* [What you need to do]: Extract from the entries below, exactly as given, only the lines from the line containing "Num.sqrt (\sum_(j < k) v 0 j ^+ 2)." to the line containing "(p : 'I_m -> 'rV[R]_k) (q : 'rV[R]_k) : R", both lines included.

(Records provided)

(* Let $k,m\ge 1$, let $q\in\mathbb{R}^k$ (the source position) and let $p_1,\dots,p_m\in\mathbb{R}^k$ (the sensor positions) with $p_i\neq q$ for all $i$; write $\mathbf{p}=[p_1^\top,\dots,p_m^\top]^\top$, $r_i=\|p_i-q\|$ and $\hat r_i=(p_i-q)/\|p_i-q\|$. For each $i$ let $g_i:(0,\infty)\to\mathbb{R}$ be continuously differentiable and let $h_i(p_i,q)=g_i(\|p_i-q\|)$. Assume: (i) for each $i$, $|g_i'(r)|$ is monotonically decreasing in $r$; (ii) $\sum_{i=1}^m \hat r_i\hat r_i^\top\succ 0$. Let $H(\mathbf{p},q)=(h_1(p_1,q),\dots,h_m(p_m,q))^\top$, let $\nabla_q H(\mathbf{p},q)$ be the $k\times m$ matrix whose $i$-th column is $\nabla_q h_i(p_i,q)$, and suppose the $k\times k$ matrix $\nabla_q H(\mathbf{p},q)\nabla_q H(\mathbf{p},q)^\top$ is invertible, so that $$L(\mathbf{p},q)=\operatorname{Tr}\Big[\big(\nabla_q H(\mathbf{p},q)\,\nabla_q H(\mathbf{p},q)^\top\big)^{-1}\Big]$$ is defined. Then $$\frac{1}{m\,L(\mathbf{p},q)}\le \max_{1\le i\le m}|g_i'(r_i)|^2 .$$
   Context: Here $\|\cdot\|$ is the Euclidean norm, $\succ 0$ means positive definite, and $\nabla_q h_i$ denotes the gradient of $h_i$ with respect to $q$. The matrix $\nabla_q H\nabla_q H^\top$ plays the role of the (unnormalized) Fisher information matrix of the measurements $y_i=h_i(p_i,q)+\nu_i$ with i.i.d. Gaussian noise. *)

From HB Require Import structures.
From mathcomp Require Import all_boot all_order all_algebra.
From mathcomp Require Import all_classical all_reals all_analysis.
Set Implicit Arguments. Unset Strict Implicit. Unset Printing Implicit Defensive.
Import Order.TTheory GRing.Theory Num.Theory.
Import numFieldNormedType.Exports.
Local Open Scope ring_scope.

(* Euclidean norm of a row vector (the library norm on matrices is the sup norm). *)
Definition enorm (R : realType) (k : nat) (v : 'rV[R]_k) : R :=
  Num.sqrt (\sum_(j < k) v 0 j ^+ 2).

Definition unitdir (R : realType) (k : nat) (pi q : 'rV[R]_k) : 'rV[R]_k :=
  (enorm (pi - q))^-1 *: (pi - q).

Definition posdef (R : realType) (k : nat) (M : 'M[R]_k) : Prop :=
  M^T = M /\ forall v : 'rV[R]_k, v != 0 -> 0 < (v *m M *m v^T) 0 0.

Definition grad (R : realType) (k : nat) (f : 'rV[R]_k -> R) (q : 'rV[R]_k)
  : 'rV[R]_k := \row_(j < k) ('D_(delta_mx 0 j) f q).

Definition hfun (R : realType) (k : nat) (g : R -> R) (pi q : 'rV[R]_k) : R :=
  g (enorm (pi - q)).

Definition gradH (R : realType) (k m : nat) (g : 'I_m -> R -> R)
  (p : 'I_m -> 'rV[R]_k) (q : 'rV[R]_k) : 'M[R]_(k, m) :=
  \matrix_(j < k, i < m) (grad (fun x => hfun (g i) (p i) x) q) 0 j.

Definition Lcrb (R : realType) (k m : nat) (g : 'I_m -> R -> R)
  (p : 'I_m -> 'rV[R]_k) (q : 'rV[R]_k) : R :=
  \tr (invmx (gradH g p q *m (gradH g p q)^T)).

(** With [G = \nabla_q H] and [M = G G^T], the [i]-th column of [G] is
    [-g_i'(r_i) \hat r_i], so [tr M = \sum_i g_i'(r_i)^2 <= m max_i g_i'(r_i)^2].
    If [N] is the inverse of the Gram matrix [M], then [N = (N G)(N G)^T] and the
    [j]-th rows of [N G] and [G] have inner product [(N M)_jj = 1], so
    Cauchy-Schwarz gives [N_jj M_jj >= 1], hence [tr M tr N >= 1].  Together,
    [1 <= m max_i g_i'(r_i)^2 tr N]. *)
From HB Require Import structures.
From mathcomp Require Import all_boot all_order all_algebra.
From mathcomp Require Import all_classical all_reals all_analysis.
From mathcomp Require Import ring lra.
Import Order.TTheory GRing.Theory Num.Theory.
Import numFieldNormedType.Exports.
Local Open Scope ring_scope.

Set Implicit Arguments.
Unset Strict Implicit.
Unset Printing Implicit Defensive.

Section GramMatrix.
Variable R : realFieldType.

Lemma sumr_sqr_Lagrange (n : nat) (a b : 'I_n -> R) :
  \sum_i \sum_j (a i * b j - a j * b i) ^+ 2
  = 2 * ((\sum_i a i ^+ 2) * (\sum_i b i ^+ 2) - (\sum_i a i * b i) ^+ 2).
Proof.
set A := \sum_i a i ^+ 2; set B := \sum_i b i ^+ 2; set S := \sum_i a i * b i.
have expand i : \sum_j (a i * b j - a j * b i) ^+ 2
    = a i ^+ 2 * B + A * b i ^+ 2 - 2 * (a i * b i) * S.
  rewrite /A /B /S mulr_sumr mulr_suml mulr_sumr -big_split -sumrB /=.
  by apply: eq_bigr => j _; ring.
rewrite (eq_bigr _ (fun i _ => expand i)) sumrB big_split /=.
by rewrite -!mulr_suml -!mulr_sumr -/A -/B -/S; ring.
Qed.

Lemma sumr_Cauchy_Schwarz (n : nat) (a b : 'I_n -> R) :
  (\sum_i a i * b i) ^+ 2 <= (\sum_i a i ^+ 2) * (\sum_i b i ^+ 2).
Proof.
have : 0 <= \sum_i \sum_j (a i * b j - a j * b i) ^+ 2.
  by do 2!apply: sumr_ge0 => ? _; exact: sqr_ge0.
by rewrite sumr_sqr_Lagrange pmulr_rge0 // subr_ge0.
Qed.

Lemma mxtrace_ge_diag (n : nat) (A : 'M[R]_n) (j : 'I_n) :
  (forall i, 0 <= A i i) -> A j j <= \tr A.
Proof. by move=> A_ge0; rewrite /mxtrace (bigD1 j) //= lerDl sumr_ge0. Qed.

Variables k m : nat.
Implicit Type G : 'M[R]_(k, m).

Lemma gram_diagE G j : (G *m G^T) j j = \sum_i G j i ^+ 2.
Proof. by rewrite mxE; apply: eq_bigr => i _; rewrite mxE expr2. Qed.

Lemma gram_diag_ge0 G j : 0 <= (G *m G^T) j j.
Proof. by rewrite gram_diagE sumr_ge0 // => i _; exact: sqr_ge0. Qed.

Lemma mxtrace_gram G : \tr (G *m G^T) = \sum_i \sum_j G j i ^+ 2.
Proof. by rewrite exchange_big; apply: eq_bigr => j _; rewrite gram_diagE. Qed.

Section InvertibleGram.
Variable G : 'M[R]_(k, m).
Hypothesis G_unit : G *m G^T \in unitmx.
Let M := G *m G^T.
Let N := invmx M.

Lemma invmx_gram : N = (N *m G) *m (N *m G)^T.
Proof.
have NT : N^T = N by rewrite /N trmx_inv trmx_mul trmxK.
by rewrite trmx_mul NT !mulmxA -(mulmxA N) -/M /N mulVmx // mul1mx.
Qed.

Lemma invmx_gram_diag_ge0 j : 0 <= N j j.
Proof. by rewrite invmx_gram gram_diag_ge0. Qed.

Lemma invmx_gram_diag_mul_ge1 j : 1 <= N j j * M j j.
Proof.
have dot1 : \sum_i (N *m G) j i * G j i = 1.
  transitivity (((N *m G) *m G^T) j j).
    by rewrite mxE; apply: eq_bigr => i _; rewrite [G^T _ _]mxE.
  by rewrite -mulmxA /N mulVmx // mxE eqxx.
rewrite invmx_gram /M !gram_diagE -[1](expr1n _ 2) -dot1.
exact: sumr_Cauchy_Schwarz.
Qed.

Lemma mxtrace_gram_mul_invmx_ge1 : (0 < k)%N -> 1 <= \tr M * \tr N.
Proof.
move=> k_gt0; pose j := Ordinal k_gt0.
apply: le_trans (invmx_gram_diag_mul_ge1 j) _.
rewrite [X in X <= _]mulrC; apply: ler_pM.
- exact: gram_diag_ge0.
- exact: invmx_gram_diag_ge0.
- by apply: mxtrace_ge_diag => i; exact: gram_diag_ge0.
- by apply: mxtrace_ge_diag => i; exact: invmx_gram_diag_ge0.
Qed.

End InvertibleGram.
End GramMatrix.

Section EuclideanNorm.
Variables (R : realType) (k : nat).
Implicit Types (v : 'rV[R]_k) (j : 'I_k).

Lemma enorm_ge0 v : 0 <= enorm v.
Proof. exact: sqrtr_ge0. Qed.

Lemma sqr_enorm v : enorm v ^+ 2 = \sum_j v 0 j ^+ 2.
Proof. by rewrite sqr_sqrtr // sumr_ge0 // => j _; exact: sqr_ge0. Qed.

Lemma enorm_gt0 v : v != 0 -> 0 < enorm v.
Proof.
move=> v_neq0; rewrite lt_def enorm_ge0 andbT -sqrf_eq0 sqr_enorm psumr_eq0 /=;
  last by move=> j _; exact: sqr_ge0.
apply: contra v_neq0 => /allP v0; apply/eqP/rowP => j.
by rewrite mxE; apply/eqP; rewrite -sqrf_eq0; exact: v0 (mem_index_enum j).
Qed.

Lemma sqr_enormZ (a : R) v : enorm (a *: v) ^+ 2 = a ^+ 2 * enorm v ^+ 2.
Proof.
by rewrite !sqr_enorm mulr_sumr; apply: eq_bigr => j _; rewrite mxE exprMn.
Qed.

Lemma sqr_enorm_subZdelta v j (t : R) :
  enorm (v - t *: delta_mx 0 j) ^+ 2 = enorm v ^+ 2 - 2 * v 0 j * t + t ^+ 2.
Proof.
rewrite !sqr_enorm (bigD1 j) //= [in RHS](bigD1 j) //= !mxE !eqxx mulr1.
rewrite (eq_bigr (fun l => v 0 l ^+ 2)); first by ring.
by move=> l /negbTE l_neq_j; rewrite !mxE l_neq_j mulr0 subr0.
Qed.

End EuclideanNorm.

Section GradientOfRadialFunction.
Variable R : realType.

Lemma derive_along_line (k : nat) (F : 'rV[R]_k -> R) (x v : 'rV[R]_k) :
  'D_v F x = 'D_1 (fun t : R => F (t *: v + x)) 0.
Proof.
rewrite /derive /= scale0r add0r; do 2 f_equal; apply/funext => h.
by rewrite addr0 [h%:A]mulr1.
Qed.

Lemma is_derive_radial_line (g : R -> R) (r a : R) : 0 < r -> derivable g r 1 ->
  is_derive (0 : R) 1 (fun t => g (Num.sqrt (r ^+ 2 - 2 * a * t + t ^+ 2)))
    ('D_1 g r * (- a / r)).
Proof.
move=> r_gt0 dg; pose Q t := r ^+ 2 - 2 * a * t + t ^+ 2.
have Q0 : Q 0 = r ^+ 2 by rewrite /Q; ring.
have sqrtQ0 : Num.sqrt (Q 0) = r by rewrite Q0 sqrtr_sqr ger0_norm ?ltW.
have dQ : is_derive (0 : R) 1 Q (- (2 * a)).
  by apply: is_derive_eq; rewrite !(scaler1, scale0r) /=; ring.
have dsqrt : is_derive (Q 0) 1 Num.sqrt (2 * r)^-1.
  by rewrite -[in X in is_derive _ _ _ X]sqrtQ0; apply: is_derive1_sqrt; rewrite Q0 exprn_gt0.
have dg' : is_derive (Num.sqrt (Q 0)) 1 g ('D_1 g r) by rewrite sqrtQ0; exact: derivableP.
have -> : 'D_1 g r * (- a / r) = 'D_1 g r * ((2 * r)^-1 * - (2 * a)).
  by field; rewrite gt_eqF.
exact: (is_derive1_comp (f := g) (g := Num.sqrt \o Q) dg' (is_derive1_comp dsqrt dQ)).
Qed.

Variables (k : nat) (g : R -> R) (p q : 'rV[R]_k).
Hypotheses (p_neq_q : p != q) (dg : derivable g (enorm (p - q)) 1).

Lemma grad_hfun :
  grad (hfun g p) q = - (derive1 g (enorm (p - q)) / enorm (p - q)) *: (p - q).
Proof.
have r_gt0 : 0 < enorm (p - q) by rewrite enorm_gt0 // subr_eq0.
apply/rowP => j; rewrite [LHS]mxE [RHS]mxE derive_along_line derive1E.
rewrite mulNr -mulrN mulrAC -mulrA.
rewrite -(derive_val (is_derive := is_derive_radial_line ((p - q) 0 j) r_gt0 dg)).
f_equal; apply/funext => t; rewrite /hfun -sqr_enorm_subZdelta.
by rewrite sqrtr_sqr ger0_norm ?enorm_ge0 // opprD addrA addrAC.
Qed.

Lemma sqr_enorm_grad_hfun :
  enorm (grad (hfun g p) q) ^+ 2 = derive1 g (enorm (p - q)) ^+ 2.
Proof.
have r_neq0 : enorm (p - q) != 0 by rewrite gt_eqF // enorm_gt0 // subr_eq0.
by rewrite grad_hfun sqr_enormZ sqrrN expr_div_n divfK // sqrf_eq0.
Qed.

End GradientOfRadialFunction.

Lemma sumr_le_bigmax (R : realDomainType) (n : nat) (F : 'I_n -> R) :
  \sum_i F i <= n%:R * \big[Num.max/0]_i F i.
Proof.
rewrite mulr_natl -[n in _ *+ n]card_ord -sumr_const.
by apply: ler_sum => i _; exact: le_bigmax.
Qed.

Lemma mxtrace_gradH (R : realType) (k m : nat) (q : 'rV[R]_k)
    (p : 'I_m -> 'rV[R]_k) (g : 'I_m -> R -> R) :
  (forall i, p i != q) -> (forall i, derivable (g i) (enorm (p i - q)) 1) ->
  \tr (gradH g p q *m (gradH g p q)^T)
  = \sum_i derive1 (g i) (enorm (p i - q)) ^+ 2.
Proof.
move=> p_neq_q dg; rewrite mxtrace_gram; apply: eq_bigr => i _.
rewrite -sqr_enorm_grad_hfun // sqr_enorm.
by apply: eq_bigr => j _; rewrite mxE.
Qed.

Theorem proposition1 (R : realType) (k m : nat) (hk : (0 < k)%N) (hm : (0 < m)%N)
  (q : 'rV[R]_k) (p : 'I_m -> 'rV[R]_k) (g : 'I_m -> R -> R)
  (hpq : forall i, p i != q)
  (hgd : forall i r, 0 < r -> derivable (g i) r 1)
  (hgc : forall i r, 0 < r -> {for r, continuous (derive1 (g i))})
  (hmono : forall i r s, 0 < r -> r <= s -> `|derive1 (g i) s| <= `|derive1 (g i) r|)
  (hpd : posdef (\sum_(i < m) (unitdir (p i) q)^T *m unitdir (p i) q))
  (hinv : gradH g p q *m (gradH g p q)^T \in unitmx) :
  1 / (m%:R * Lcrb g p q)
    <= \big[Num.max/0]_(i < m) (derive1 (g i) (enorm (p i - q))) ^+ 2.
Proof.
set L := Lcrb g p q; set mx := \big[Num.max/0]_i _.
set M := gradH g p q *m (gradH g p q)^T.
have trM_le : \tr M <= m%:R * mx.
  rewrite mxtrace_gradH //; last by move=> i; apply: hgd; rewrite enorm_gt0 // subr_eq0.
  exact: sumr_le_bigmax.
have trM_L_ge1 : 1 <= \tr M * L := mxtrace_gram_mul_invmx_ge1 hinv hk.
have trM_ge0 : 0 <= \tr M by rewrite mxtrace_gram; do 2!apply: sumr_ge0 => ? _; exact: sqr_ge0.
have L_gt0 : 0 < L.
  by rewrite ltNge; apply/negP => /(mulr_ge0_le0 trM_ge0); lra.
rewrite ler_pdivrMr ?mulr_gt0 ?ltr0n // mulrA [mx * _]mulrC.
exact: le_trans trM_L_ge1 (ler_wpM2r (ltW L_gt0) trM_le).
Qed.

(End Records provided)

* [Exercise output]:
  Num.sqrt (\sum_(j < k) v 0 j ^+ 2).

Definition unitdir (R : realType) (k : nat) (pi q : 'rV[R]_k) : 'rV[R]_k :=
  (enorm (pi - q))^-1 *: (pi - q).

Definition posdef (R : realType) (k : nat) (M : 'M[R]_k) : Prop :=
  M^T = M /\ forall v : 'rV[R]_k, v != 0 -> 0 < (v *m M *m v^T) 0 0.

Definition grad (R : realType) (k : nat) (f : 'rV[R]_k -> R) (q : 'rV[R]_k)
  : 'rV[R]_k := \row_(j < k) ('D_(delta_mx 0 j) f q).

Definition hfun (R : realType) (k : nat) (g : R -> R) (pi q : 'rV[R]_k) : R :=
  g (enorm (pi - q)).

Definition gradH (R : realType) (k m : nat) (g : 'I_m -> R -> R)
  (p : 'I_m -> 'rV[R]_k) (q : 'rV[R]_k) : 'M[R]_(k, m) :=
  \matrix_(j < k, i < m) (grad (fun x => hfun (g i) (p i) x) q) 0 j.

Definition Lcrb (R : realType) (k m : nat) (g : 'I_m -> R -> R)
  (p : 'I_m -> 'rV[R]_k) (q : 'rV[R]_k) : R :=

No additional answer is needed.